# Cyp. candidum



## Eric Muehlbauer (May 16, 2009)

Here is the candidum that I got from Ron last month. I didn't think that it would actually bloom this year, but it surprised me. Incredibly tiny...smallest cyp flower I have seen. Take care, Eric


----------



## SlipperFan (May 16, 2009)

Cute!


----------



## P-chan (May 16, 2009)

What a cutie! I can remember finding lady slippers in the woods with my mom when I was young...:wink:


----------



## NYEric (May 16, 2009)

Very cool. How big was it when you got it?


----------



## Eric Muehlbauer (May 16, 2009)

It was just starting growth when I got it...maybe a month or so ago.

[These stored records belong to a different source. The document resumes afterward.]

Lemma act_zero u : pact u (pzero : Ob C) = pzero.
Proof.
have [[|a A] [sA Asupp]] := supported_on_min pzero; first exact: sA.
by case: (zero_supp hC (Asupp a (mem_head a A))).
Qed.

Lemma disj_sym X Y : disj X Y -> disj Y X.
Proof. by move=> dXY n [nY nX]; apply: (dXY n). Qed.

Lemma disj0l X : disj pzero X.
Proof. by move=> n [n0 _]; apply: (zero_supp hC n0). Qed.

Lemma disj0r X : disj X pzero.
Proof. by apply/disj_sym/disj0l. Qed.

Lemma disj_act X Y u : disj X Y -> disj (pact u X) (pact u Y).
Proof.
move=> dXY n [/in_supp_act [k kX ->] /in_supp_act [j jY /ifun_inj ejk]].
by apply: (dXY k); rewrite {2}ejk.
Qed.

Lemma disj_sumr X Y Z : disj X Y -> disj X Z -> disj Y Z -> disj X (psum Y Z).
Proof.
move=> dXY dXZ dYZ n [nX /(in_supp_sum dYZ) [nY|nZ]]; [exact: (dXY n) | exact: (dXZ n)].
Qed.

Lemma disj_suml X Y Z : disj X Z -> disj Y Z -> disj X Y -> disj (psum X Y) Z.
Proof. by move=> dXZ dYZ dXY; apply/disj_sym/disj_sumr => //; apply: disj_sym. Qed.

Lemma sum0l X : psum pzero X = X.
Proof. by rewrite (sum_comm_ob hC (@disj0l X)) (sum_unit_ob hC). Qed.

(* Eckmann-Hilton: [h + h] equals both [h] and [h o h], and [h] is invertible. *)
Lemma actm_zero u v : pactm u v (idm (pzero : Ob C)) = idm pzero.
Proof.
have cC := pc_cat hC; have d00 := @disj0l (pzero : Ob C).
set h := pactm u v _; set k := pactm v u (idm (pzero : Ob C)).
have hd : dom h = pzero by rewrite (act_dom hC) (dom_id cC) act_zero.
have hc : cod h = pzero by rewrite (act_cod hC) (cod_id cC) act_zero.
have kd : dom k = pzero by rewrite (act_dom hC) (dom_id cC) act_zero.
have hh_h : psumm h h = h.
  by rewrite -(sum_act_mor hC) ?(dom_id cC) ?(cod_id cC) // (sum_idm hC d00) (sum_unit_ob hC).
have hh_hoh : psumm h h = cmp h h.
  rewrite -{1}[h](idr cC hd) -{2}[h](idl cC hc).
  rewrite (sum_cmp hC) ?hd ?hc ?(dom_id cC) ?(cod_id cC) // (sum_unit_mor hC).
  by rewrite (sum_comm_mor hC) ?hd ?hc ?(dom_id cC) ?(cod_id cC) // (sum_unit_mor hC).
have kh : cmp k h = idm pzero.
  rewrite (act_cmp hC) ?(dom_id cC) ?(cod_id cC) // (idl cC) ?(cod_id cC) //.
  by rewrite (act_idm hC) act_zero.
by rewrite -kh -{2}hh_h hh_hoh (cmp_assoc cC) ?hc ?hd // kh (idl cC).
Qed.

You can see how big it is by comparing it to the dead oak leaves...which are from pin and red oaks that are on the street in front of my house.


----------



## parvi_17 (May 17, 2009)

I'm so jealous that you have this!


----------



## biothanasis (May 17, 2009)

Superb!!!!


----------



## CodPaph (May 17, 2009)

very nice


----------



## NYEric (May 17, 2009)

Next time you come by where I live you have to look for the cyps in the native garden.


----------



## Eric Muehlbauer (May 17, 2009)

Native garden? Is it in your apt. complex? Interesting.........Is it in one of the garden areas along Houston St?


----------



## SlipperKing (May 18, 2009)

That's really nice Eric...keep it growing!


----------



## KyushuCalanthe (May 18, 2009)

These guys really are tiny things. How are you keeping the substrate basic?


----------



## Eric Muehlbauer (May 18, 2009)

I mixed in crushed coral and slow release dolomite pellets...and I'll top dress with dolomite or oyster shell every fall.....


----------



## Bobc (May 18, 2009)

Nice.


----------